## WHAT TO PRODUCE
For this listing, the lines between the one holding "have := normNZ" and the one holding "have -> : (fun j => \sum_(i <- [::])", inclusive, must be set down exactly.

## RECORD EXTRACTS
(* Let $|\!|\!|\cdot|\!|\!|$ be a norm on $X^n$, and $\mathbf{u}:=(\mathbf{u}_1,\ldots,\mathbf{u}_n)\in \mathbb{S}_X\times\ldots\times\mathbb{S}_X$ ($n$ copies of the unit sphere of $X$). Define $\psi_{\mathbf{u}}(t):=|\!|\!|(t_1\mathbf{u}_1,\ldots,t_{n}\mathbf{u}_n)|\!|\!|$ for all $t:=(t_1,\ldots,t_{n})\in\Omega_n$. (i) If $|\!|\!|\cdot|\!|\!|\in\mathbf{N}_{X^n}$, then $\psi_{\mathbf{u}}\in\mathbf{\Psi}_n$. (ii) If $|\!|\!|\cdot|\!|\!|\in\mathbf{N}^{\rm sc}_{X^n}$, then $\psi_{\mathbf{u}}\in\mathbf{\Psi}^{\rm sc}_{n}$.
   Context: Let $(X,\|\cdot\|)$ be a normed vector space, $n\ge2$. $\mathbf{N}_{X^n}$ is the family of norms $|\!|\!|\cdot|\!|\!|$ on $X^n$ satisfying (A1) $|\!|\!|(x_1,\ldots,x_n)|\!|\!|=|\!|\!|(\pm x_1,\ldots,\pm x_n)|\!|\!|$ for all $x\in X^n$ and all sign choices, and (A2) $|\!|\!|(0_X,\ldots,0_X,v,0_X,\ldots,0_X)|\!|\!|=\|v\|$ for all $v\in X$ in any $i$th position. $\mathbf{N}^{\rm sc}_{X^n}$ is the subclass of strictly convex norms in $\mathbf{N}_{X^n}$ (a norm is strictly convex if the norm of the sum of any two distinct unit vectors is $<2$). $\Omega_n:=\{t\in\mathbb{R}^n\mid t_i\ge0,\ \sum_i t_i=1\}$, $\Omega_n^\circ:=\{t\in\Omega_n\mid t_i<1\ \forall i\}$, $\mathbf{e}_i$ the standard unit vectors. $\mathbf{\Psi}_n$ is the class of convex continuous $\psi:\Omega_n\to\mathbb{R}$ with (B1) $\psi(\mathbf{e}_i)=1$ for all $i$ and (B2) $\psi(t)\ge(1-t_i)\psi\big(\frac{t_1}{1-t_i},\ldots,\frac{t_{i-1}}{1-t_i},0,\frac{t_{i+1}}{1-t_i},\ldots,\frac{t_n}{1-t_i}\big)$ for all $t\in\Omega_n^\circ$, $i=1,\ldots,n$; $\mathbf{\Psi}^{\rm sc}_n$ is its subclass of strictly convex functions. *)

From HB Require Import structures.
From mathcomp Require Import all_boot all_order all_algebra.
From mathcomp Require Import all_classical all_reals all_analysis.
Set Implicit Arguments. Unset Strict Implicit. Unset Printing Implicit Defensive.
Import Order.TTheory GRing.Theory Num.Theory.
Import numFieldNormedType.Exports.
Local Open Scope classical_set_scope.
Local Open Scope ring_scope.

Section Defs.
Variables (R : realType) (X : normedModType R) (n : nat).

Definition is_norm (N : ('I_n -> X) -> R) : Prop :=
  [/\ forall x, N x = 0 -> x = (fun _ => 0),
      forall (a : R) x, N (fun i => a *: x i) = `|a| * N x &
      forall x y, N (fun i => x i + y i) <= N x + N y].

Definition strictly_convex_norm (N : ('I_n -> X) -> R) : Prop :=
  forall x y, N x = 1 -> N y = 1 -> x <> y -> N (fun i => x i + y i) < 2.

Definition in_NXn (N : ('I_n -> X) -> R) : Prop :=
  [/\ is_norm N,
      (forall (x : 'I_n -> X) (eps : 'I_n -> bool),
          N (fun i => (-1) ^+ eps i *: x i) = N x) &
      (forall (i : 'I_n) (v : X), N (fun j => if j == i then v else 0) = `|v|)].

Definition in_NXn_sc (N : ('I_n -> X) -> R) : Prop :=
  in_NXn N /\ strictly_convex_norm N.

End Defs.

Section PsiDefs.
Variables (R : realType) (n : nat).

Definition Omega : set 'rV[R]_n :=
  [set t | (forall i, 0 <= t ord0 i) /\ \sum_(i < n) t ord0 i = 1].

Definition Omega_int : set 'rV[R]_n :=
  [set t | Omega t /\ forall i, t ord0 i < 1].

Definition e_vec (i : 'I_n) : 'rV[R]_n := \row_j (if j == i then 1 else 0).

Definition convex_on (psi : 'rV[R]_n -> R) : Prop :=
  forall s t (l : R), Omega s -> Omega t -> 0 <= l -> l <= 1 ->
    psi (l *: s + (1 - l) *: t) <= l * psi s + (1 - l) * psi t.

Definition strictly_convex_on (psi : 'rV[R]_n -> R) : Prop :=
  forall s t (l : R), Omega s -> Omega t -> s <> t -> 0 < l -> l < 1 ->
    psi (l *: s + (1 - l) *: t) < l * psi s + (1 - l) * psi t.

Definition drop_coord (t : 'rV[R]_n) (i : 'I_n) : 'rV[R]_n :=
  \row_j (if j == i then 0 else t ord0 j / (1 - t ord0 i)).

Definition in_Psi (psi : 'rV[R]_n -> R) : Prop :=
  [/\ convex_on psi,
      {within Omega, continuous psi},
      (forall i, psi (e_vec i) = 1) &
      (forall t i, Omega_int t ->
          psi t >= (1 - t ord0 i) * psi (drop_coord t i))].

Definition in_Psi_sc (psi : 'rV[R]_n -> R) : Prop :=
  in_Psi psi /\ strictly_convex_on psi.

End PsiDefs.

Definition psi_u (R : realType) (X : normedModType R) (n : nat)
  (N : ('I_n -> X) -> R) (u : 'I_n -> X) : 'rV[R]_n -> R :=
  fun t => N (fun i => t ord0 i *: u i).

(* Convexity of psi_u is the triangle inequality together with homogeneity,
   and (A2) with the triangle inequality gives N x <= sum_i |x_i|, which makes
   psi_u Lipschitz, hence continuous.  By (A1), the vector x with its i-th
   coordinate zeroed is the average of x and its reflection in that coordinate,
   so it has norm at most N x; rescaled by 1 - t_i this is (B2).  For strict
   convexity write psi_u(l s + (1-l) t) = N(a x + b y) with x, y the normalised
   vectors (s_i u_i)_i / psi_u(s), (t_i u_i)_i / psi_u(t) and
   a + b = l psi_u(s) + (1-l) psi_u(t); strict convexity of N makes this strict
   unless x = y, and since s, t lie in Omega_n, x = y forces s = t. *)

From mathcomp Require Import all_boot all_order all_algebra.
From mathcomp Require Import all_classical all_reals all_analysis.
From mathcomp Require Import lra.
Import Order.TTheory GRing.Theory Num.Theory.
Import numFieldNormedType.Exports.
Local Open Scope ring_scope.
Set Implicit Arguments. Unset Strict Implicit.

Section NormOnProduct.
Variables (R : realType) (X : normedModType R) (n : nat) (N : ('I_n -> X) -> R).
Hypothesis normN : is_norm N.

Lemma normNZ a x : N (fun i => a *: x i) = `|a| * N x.
Proof. by case: normN. Qed.

Lemma normN_triangle x y : N (fun i => x i + y i) <= N x + N y.
Proof. by case: normN. Qed.

Lemma normN0 : N (fun=> 0) = 0.
Proof.
have := normNZ 0 (fun=> 0); rewrite normr0 mul0r => <-.
by congr N; apply: funext => i; rewrite scale0r.
Qed.

Lemma normN_ge0 x : 0 <= N x.
Proof.
have := normN_triangle x (fun i => (-1) *: x i).
have -> : (fun i => x i + (-1) *: x i) = (fun=> 0).
  by apply: funext => i; rewrite scaleN1r subrr.
rewrite normN0 normNZ normrN normr1 mul1r; lra.
Qed.

Lemma normN_sum (I : Type) (r : seq I) (f : I -> 'I_n -> X) :
  N (fun j => \sum_(i <- r) f i j) <= \sum_(i <- r) N (f i).
Proof.
elim: r => [|a r IHr].
  have -> : (fun j => \sum_(i <- [::]) f i j) = (fun=> 0).
    by apply: funext => j; rewrite big_nil.
  by rewrite big_nil normN0.
have -> : (fun j => \sum_(i <- a :: r) f i j)
    = (fun j => f a j + \sum_(i <- r) f i j).
  by apply: funext => j; rewrite big_cons.
by rewrite big_cons (le_trans (normN_triangle _ _)) // lerD2l.
Qed.

Lemma normN_le_sum_coord :
    (forall i v, N (fun j => if j == i then v else 0) = `|v|) ->
  forall x, N x <= \sum_i `|x i|.
Proof.
move=> normN_coord x; rewrite -(eq_bigr _ (fun i _ => normN_coord i (x i))).
have {1}-> : x = (fun j => \sum_i (if j == i then x i else 0)).
  apply: funext => j; rewrite (bigD1 j) //= eqxx big1 ?addr0 // => i /negbTE.
  by rewrite eq_sym => ->.
exact: normN_sum.
Qed.

Lemma normN_zero_coord_le :
    (forall x (eps : 'I_n -> bool), N (fun i => (-1) ^+ eps i *: x i) = N x) ->
  forall x i, N (fun j => if j == i then 0 else x j) <= N x.
Proof.
move=> normN_sign x i.
have -> : (fun j => if j == i then 0 else x j)
    = (fun j => 2^-1 *: (x j + (-1) ^+ (j == i) *: x j)).
  apply: funext => j; case: eqP => _; first by rewrite expr1 scaleN1r subrr scaler0.
  rewrite expr0 scale1r -mulr2n -[x j *+ 2]scaler_nat scalerA.
  by rewrite mulVf ?scale1r ?pnatr_eq0.
rewrite (normNZ _ (fun j => x j + _)) ger0_norm ?invr_ge0 ?ler0n //.
rewrite ler_pdivrMl ?ltr0n // (le_trans (normN_triangle _ _)) //.
rewrite (normN_sign x (fun j => j == i)); lra.
Qed.

Lemma normN_convex_lt :
    strictly_convex_norm N ->
  forall a b x y, 0 < a -> 0 < b -> N x = 1 -> N y = 1 -> x <> y ->
  N (fun i => a *: x i + b *: y i) < a + b.
Proof.
move=> sc a b x y; wlog le_ab : a b x y / a <= b.
  move=> wlog_ab a0 b0 Nx Ny xy; have [le_ab|/ltW le_ba] := lerP a b.
    exact: wlog_ab.
  have -> : (fun i => a *: x i + b *: y i) = (fun i => b *: y i + a *: x i).
    by apply: funext => i; rewrite addrC.
  by rewrite addrC; apply: wlog_ab => // yx; apply: xy.
move=> a0 b0 Nx Ny xy.
have -> : (fun i => a *: x i + b *: y i)
    = (fun i => a *: (x i + y i) + (b - a) *: y i).
  by apply: funext => i; rewrite scalerDr -addrA -scalerDl [a + _]addrC subrK.
apply: (le_lt_trans (normN_triangle _ _)).
rewrite (normNZ _ (fun i => x i + y i)) normNZ Ny (gtr0_norm a0).
rewrite ger0_norm ?subr_ge0 //.
have := sc _ _ Nx Ny xy; nra.
Qed.

End NormOnProduct.

Lemma klipschitz_continuous (R : realFieldType) (V : pseudoMetricNormedZmodType R)
    (f : V -> R) (k : R) :
  (forall x y, `|f x - f y| <= k * `|x - y|) -> continuous f.
Proof.
move=> f_lip x; apply/cvgrPdist_lt => e e0.
set c := `|k| + 1; have c0 : 0 < c by rewrite ltr_wpDl.
have lip_c y : `|f x - f y| <= c * `|x - y|.
  by rewrite (le_trans (f_lip x y)) // ler_wpM2r // (le_trans (ler_norm k)) ?lerDl.
near=> y; apply: (le_lt_trans (lip_c y)); rewrite -ltr_pdivlMl //.
near: y; apply: (@cvgr_dist_lt _ _ _ _ (nbhs_filter x) id x cvg_id).
by rewrite mulr_gt0 ?invr_gt0.
Unshelve. all: end_near.
Qed.

Lemma mx_norm_entry_le (R : realType) (n : nat) (s : 'rV[R]_n) i : `|s ord0 i| <= `|s|.
Proof.
rewrite [leRHS]/Num.norm /= mx_normrE; apply/bigmax_geP; right.
by exists (ord0, i).
Qed.

Section PsiU.
Variables (R : realType) (X : normedModType R) (n : nat).
Variables (N : ('I_n -> X) -> R) (u : 'I_n -> X).
Hypotheses (normN : is_norm N) (unit_u : forall i, `|u i| = 1).
Local Notation psi := (psi_u N u).

Lemma psi_u_combination (s t : 'rV[R]_n) (a b : R) :
  psi (a *: s + b *: t)
  = N (fun i => a *: (s ord0 i *: u i) + b *: (t ord0 i *: u i)).
Proof. by congr N; apply: funext => i; rewrite !mxE !scalerA -scalerDl. Qed.

Lemma psi_u_convex : convex_on psi.
Proof.
move=> s t l _ _ l0 l1; rewrite psi_u_combination.
rewrite (le_trans (normN_triangle normN _ _)) //.
by rewrite !(normNZ normN) ger0_norm // ger0_norm ?subr_ge0.
Qed.

Lemma psi_u_lipschitz :
    (forall i v, N (fun j => if j == i then v else 0) = `|v|) ->
  forall s t, `|psi s - psi t| <= n%:R * `|s - t|.
Proof.
move=> normN_coord.
suff psi_le s t : psi s <= psi t + n%:R * `|s - t|.
  by move=> s t; have := psi_le t s; rewrite distrC ler_distl psi_le andbT; lra.
have -> : psi s = N (fun i => t ord0 i *: u i + (s - t) ord0 i *: u i).
  by congr N; apply: funext => i; rewrite -scalerDl !mxE addrCA subrr addr0.
rewrite (le_trans (normN_triangle normN _ _)) // lerD2l.
rewrite (le_trans (normN_le_sum_coord normN normN_coord _)) //.
rewrite -[n in n%:R]card_ord mulr_natl -sumr_const; apply: ler_sum => i _.
by rewrite normrZ unit_u mulr1 mx_norm_entry_le.
Qed.

Lemma psi_u_e_vec :
    (forall i v, N (fun j => if j == i then v else 0) = `|v|) ->
  forall i, psi (e_vec R i) = 1.
Proof.
move=> normN_coord i; rewrite -(unit_u i) -(normN_coord i); congr N.
by apply: funext => j; rewrite mxE; case: eqP => [->|_]; rewrite ?scale1r ?scale0r.
Qed.

Lemma psi_u_drop_coord :
    (forall x (eps : 'I_n -> bool), N (fun i => (-1) ^+ eps i *: x i) = N x) ->
  forall (t : 'rV[R]_n) i, t ord0 i < 1 ->
  (1 - t ord0 i) * psi (drop_coord t i) <= psi t.
Proof.
move=> normN_sign t i ti_lt1; have ti_gt0 : 0 < 1 - t ord0 i by rewrite subr_gt0.
rewrite -[1 - _]gtr0_norm // -normNZ //.
have -> : (fun j => (1 - t ord0 i) *: (drop_coord t i ord0 j *: u j))
    = (fun j => if j == i then 0 else t ord0 j *: u j).
  apply: funext => j; rewrite mxE; case: eqP => _; first by rewrite scale0r scaler0.
  by rewrite scalerA mulrC divfK ?gt_eqF.
exact: normN_zero_coord_le.
Qed.

Lemma psi_u_gt0 t : Omega t -> 0 < psi t.
Proof.
case=> _ sum_t; rewrite lt_def normN_ge0 // andbT; apply/eqP => psi_t0.
have [N_eq0 _ _] := normN.
have t0 j : t ord0 j = 0.
  have /(congr1 (fun x => `|x j|)) := N_eq0 _ psi_t0.
  by rewrite normrZ unit_u mulr1 normr0 => /normr0_eq0.
by move: sum_t; rewrite big1 // => /eqP; rewrite eq_sym oner_eq0.
Qed.

Lemma Omega_scaled_coord_inj s t (a b : R) : Omega s -> Omega t -> a != 0 ->
  (fun i => a *: (s ord0 i *: u i)) = (fun i => b *: (t ord0 i *: u i)) -> s = t.
Proof.
move=> [_ sum_s] [_ sum_t] a0 st.
have coord_eq j : a * s ord0 j = b * t ord0 j.
  have : (a * s ord0 j - b * t ord0 j) *: u j = 0.
    by rewrite scalerBl -!scalerA (congr1 (fun x => x j) st) subrr.
  move/eqP; rewrite scaler_eq0 -(normr_eq0 (u j)) unit_u oner_eq0 orbF subr_eq0.
  by move/eqP.
have ab : a = b.
  by rewrite -[a]mulr1 -[b]mulr1 -{1}sum_s -sum_t !mulr_sumr; apply: eq_bigr.
by apply/rowP => j; apply: (mulfI a0); rewrite coord_eq ab.
Qed.

Lemma psi_u_strictly_convex : strictly_convex_norm N -> strictly_convex_on psi.
Proof.
move=> scN s t l Os Ot st l0 l1.
have [ps pt] := (psi_u_gt0 Os, psi_u_gt0 Ot).
pose w (r : 'rV[R]_n) i := (psi r)^-1 *: (r ord0 i *: u i).
have Nw r : 0 < psi r -> N (w r) = 1.
  by move=> pr; rewrite normNZ // gtr0_norm ?invr_gt0 // mulVf ?gt_eqF.
have -> : psi (l *: s + (1 - l) *: t)
    = N (fun i => (l * psi s) *: w s i + ((1 - l) * psi t) *: w t i).
  rewrite psi_u_combination; congr N; apply: funext => i.
  by rewrite !scalerA !mulfK ?gt_eqF.
apply: normN_convex_lt => //; rewrite ?mulr_gt0 ?subr_gt0 ?Nw //.
move=> wst; apply: st; apply: (Omega_scaled_coord_inj Os Ot _ wst).
by rewrite invr_eq0 gt_eqF.
Qed.

Lemma psi_u_in_Psi : in_NXn N -> in_Psi psi.
Proof.
case=> _ normN_sign normN_coord; split.
- exact: psi_u_convex.
- exact/continuous_subspaceT/klipschitz_continuous/psi_u_lipschitz.
- exact: psi_u_e_vec.
- by move=> t i [_ ti_lt1]; apply: psi_u_drop_coord.
Qed.

End PsiU.

Theorem theorem2p9 (R : realType) (X : normedModType R) (n : nat)
  (hn : (2 <= n)%N) (N : ('I_n -> X) -> R) (hN : is_norm N)
  (u : 'I_n -> X) (hu : forall i, `|u i| = 1) :
  (in_NXn N -> in_Psi (psi_u N u)) /\
  (in_NXn_sc N -> in_Psi_sc (psi_u N u)).
Proof.
split; first exact: psi_u_in_Psi.
by case=> N_in scN; split; [exact: psi_u_in_Psi | exact: psi_u_strictly_convex].
Qed.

## RESULT FOR THIS TASK
have := normNZ 0 (fun=> 0); rewrite normr0 mul0r => <-.
by congr N; apply: funext => i; rewrite scale0r.
Qed.

Lemma normN_ge0 x : 0 <= N x.
Proof.
have := normN_triangle x (fun i => (-1) *: x i).
have -> : (fun i => x i + (-1) *: x i) = (fun=> 0).
  by apply: funext => i; rewrite scaleN1r subrr.
rewrite normN0 normNZ normrN normr1 mul1r; lra.
Qed.

Lemma normN_sum (I : Type) (r : seq I) (f : I -> 'I_n -> X) :
  N (fun j => \sum_(i <- r) f i j) <= \sum_(i <- r) N (f i).
Proof.
elim: r => [|a r IHr].
  have -> : (fun j => \sum_(i <- [::]) f i j) = (fun=> 0).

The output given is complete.